Moodie was more interested in the roiling political goings-on. “That odious little wretch Mackenzie has been elected mayor of Toronto. What we’re in for now, God only knows.”
The antics of the Scottish firebrand William Lyon Mackenzie have been keeping us entertained since we arrived in Canada, but I have never seen him in action. His scurrilous newspaper The Colonial Advocate has served us well as kindle for the parlour stove, the only proper use for the vehicle of such virulent attacks on the Lieutenant-Governor and his executive council. We have learned, however, to keep our establishment sympathies to ourselves. Our illiterate Yankee and Irish neighbours are most enamoured of “Little Mac’s” tirades, which have been known to dangerously inflame the settlers’ republican rancour and their utter rejection of all the traditions we hold dear. The lower classes harbour an innate antagonism toward stability and the rule of law. Not wanting to be burned in our beds by some unruly mob, we keep our own counsel.
Moodie, who seems wholly invigorated by his journey to Toronto, lit his pipe and continued, while Katie straddled his knee and gazed at her father with adoring eyes.
“Yes, indeed,” he said, “it appears the Reformers have a stranglehold on the city. And if Mackenzie prevails, he could regain his seat in the House despite the Tories’ best efforts to have him expelled. His ragged and rowdy constituents seem to have no end of affection for the little baboon.”
For the first time in many weeks, I felt we were a family again. My husband’s recovery from the ague seems complete, and this short respite from his backwoods labours has lightened his mood. Even the recent conflagration can be counted a blessing in disguise, since it has expedited our clearing efforts, and the ash left behind will help to nourish the thin soil.

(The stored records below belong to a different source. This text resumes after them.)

Lemma surrSE thm mu th :
  surrS x lam1 lam2 tau thm mu th =
  2^-1 * (\sum_(i < n) l2norm (x i - mu i) ^+ 2)
  + lam1 * (\sum_(i < n) l1norm (mu i))
  + lam2 * (\sum_(i < n) \sum_(j < n | (i < j)%N)
      if l2norm (thm i j) < tau then l2norm (th i j) else tau).
Proof.
rewrite /surrS -addrA -mulrA -mulrDr; congr (_ + lam2 * _).
rewrite mulr_sumr -big_split; apply: eq_bigr => i _.
rewrite mulr_sumr -big_split; apply: eq_bigr => j _.
by case: ifP => _ /=; rewrite ?mulr0 ?addr0 ?mulr1 ?add0r.
Qed.

Lemma surrS_diag mu th : surrS x lam1 lam2 tau th mu th = objS x lam1 lam2 tau mu th.
Proof.
rewrite surrSE /objS; congr (_ + lam2 * _).
by apply: eq_bigr => i _; apply: eq_bigr => j _; rewrite /TLP ger0_norm ?l2norm_ge0.
Qed.

Lemma objS_le_surrS thm mu th : 0 <= lam2 ->
  objS x lam1 lam2 tau mu th <= surrS x lam1 lam2 tau thm mu th.
Proof.
move=> lam2_ge0; rewrite surrSE /objS lerD2l ler_wpM2l //.
apply: ler_sum => i _; apply: ler_sum => j _; rewrite /TLP ger0_norm ?l2norm_ge0 //.
by case: ifP; rewrite ge_min lexx ?orbT.
Qed.

Lemma surrS_active thm1 thm2 mu th :
  (forall i j : 'I_n, (i < j)%N ->
     (l2norm (thm1 i j) < tau) = (l2norm (thm2 i j) < tau)) ->
  surrS x lam1 lam2 tau thm1 mu th = surrS x lam1 lam2 tau thm2 mu th.
Proof.
move=> same_active; rewrite !surrSE; congr (_ + lam2 * _).
by apply: eq_bigr => i _; apply: eq_bigr => j /same_active ->.
Qed.

End Surrogate.

Lemma sum_only1 (V : nmodType) (J : finType) (j0 : J) (F : J -> V) :
  (forall j, j != j0 -> F j = 0) -> \sum_j F j = F j0.
Proof. by move=> F0; rewrite (bigD1 j0) //= big1 ?addr0 // => j /F0. Qed.

Section SurrogateKKT.
Variables (R : realType) (n p : nat) (x : 'I_n -> 'rV[R]_p) (lam1 lam2 tau : R).
Hypotheses (lam1_gt0 : 0 < lam1) (lam2_gt0 : 0 < lam2).
Variables (mu : 'I_n -> 'rV[R]_p) (th : 'I_n -> 'I_n -> 'rV[R]_p).
Hypotheses (feas : feasible mu th)
  (surr_min : forall mu' th', feasible mu' th' ->
     surrS x lam1 lam2 tau th mu th <= surrS x lam1 lam2 tau th mu' th').

Definition active (i j : 'I_n) : bool := l2norm (th i j) < tau.

(* Split variables: a direction [d] of the centroids is lifted to its entries
   together with the pairwise differences [row i d - row j d]. A linear minorant
   of [nonsmooth_dir] agreeing with [- smooth_dir] on lifts has coefficients
   giving the l1 subgradients and the multipliers [v_ij]. *)
Notation I := ('I_n * 'I_p + 'I_n * 'I_n * 'I_p)%type.
Notation F := {ffun I -> R^o}.

Definition mu_block (w : I -> R) (i : 'I_n) : 'rV[R]_p := \row_k w (inl (i, k)).
Definition pair_block (w : I -> R) (i j : 'I_n) : 'rV[R]_p := \row_k w (inr (i, j, k)).

Definition lift (d : 'M[R]_(n, p)) : F :=
  [ffun z => match z with
             | inl (i, k) => d i k
             | inr (i, j, k) => d i k - d j k end].

Definition smooth_dir (d : 'M[R]_(n, p)) : R := \sum_i dotv (mu i - x i) (row i d).

Definition nonsmooth_dir (w : F) : R :=
  lam1 * \sum_i \sum_k abs_dir (mu i 0 k) (w (inl (i, k)))
  + lam2 * \sum_(i < n) \sum_(j < n | (i < j)%N)
      (if active i j then l2norm_dir (th i j) (pair_block w i j) else 0).

Definition surr_deriv (d : 'M[R]_(n, p)) : R := smooth_dir d + nonsmooth_dir (lift d).

Definition surr_curv (d : 'M[R]_(n, p)) : R :=
  2^-1 * \sum_i \sum_k d i k ^+ 2
  + lam1 * \sum_i \sum_k
      (if mu i 0 k == 0 then 0 else 2 * d i k ^+ 2 / `|mu i 0 k|)
  + lam2 * \sum_(i < n) \sum_(j < n | (i < j)%N)
      (if active i j && (th i j != 0)
       then l2norm (row i d - row j d) ^+ 2 / (2 * l2norm (th i j)) else 0).

Definition mu_shift (t : R) (d : 'M[R]_(n, p)) (i : 'I_n) : 'rV[R]_p := mu i + t *: row i d.

Lemma mu_block_lift d i : mu_block (lift d) i = row i d.
Proof. by apply/rowP => k; rewrite !mxE ffunE. Qed.

Lemma pair_block_lift d i j : pair_block (lift d) i j = row i d - row j d.
Proof. by apply/rowP => k; rewrite !mxE ffunE. Qed.

Lemma sqdist_shift t d :
  \sum_i l2norm (x i - mu_shift t d i) ^+ 2 = \sum_i l2norm (x i - mu i) ^+ 2
    + t * (2 * smooth_dir d) + t ^+ 2 * \sum_i \sum_k d i k ^+ 2.
Proof.
rewrite /smooth_dir !mulr_sumr -!big_split; apply: eq_bigr => i _ /=.
rewrite !l2norm_sq /dotv !mulr_sumr -!big_split; apply: eq_bigr => k _ /=.
by rewrite !mxE; ring.
Qed.

Lemma l1_shift_le t d : 0 < t ->
  \sum_i l1norm (mu_shift t d i) <= \sum_i l1norm (mu i)
    + t * \sum_i \sum_k abs_dir (mu i 0 k) (d i k)
    + t ^+ 2 * \sum_i \sum_k
        (if mu i 0 k == 0 then 0 else 2 * d i k ^+ 2 / `|mu i 0 k|).
Proof.
move=> t_gt0; rewrite !mulr_sumr -!big_split; apply: ler_sum => i _ /=.
rewrite /l1norm !mulr_sumr -!big_split; apply: ler_sum => k _ /=.
by rewrite !mxE; apply: abs_shift_le.
Qed.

He was silent on the subject that most interested me, however. “And the shares, Moodie? The Cobourg shares. What of them?” Part of his business in Toronto was to meet with the principals and attempt to sell his part-ownership, at a loss if necessary.
“Ah,” he said, taking Katie’s little hands and placing them over his eyes in a game of peek-a-boo. “There are no takers at present. But,” he said, giving her his sweetest smile, “I was able to use them to secure a loan that will buy us a new plough. The old one will not last until fall.”
AUGUST 12, 1834
Moodie is down with the ague again. He seemed better when he awoke this morning, the fever broken, and he announced his complete recovery, dressed and joined the other men in the clearing. Two hours later, he returned, shaking and sweating, to his bed. Addie too was listless and clammy this morning, refusing to touch her porridge and whining even more strenuously than usual.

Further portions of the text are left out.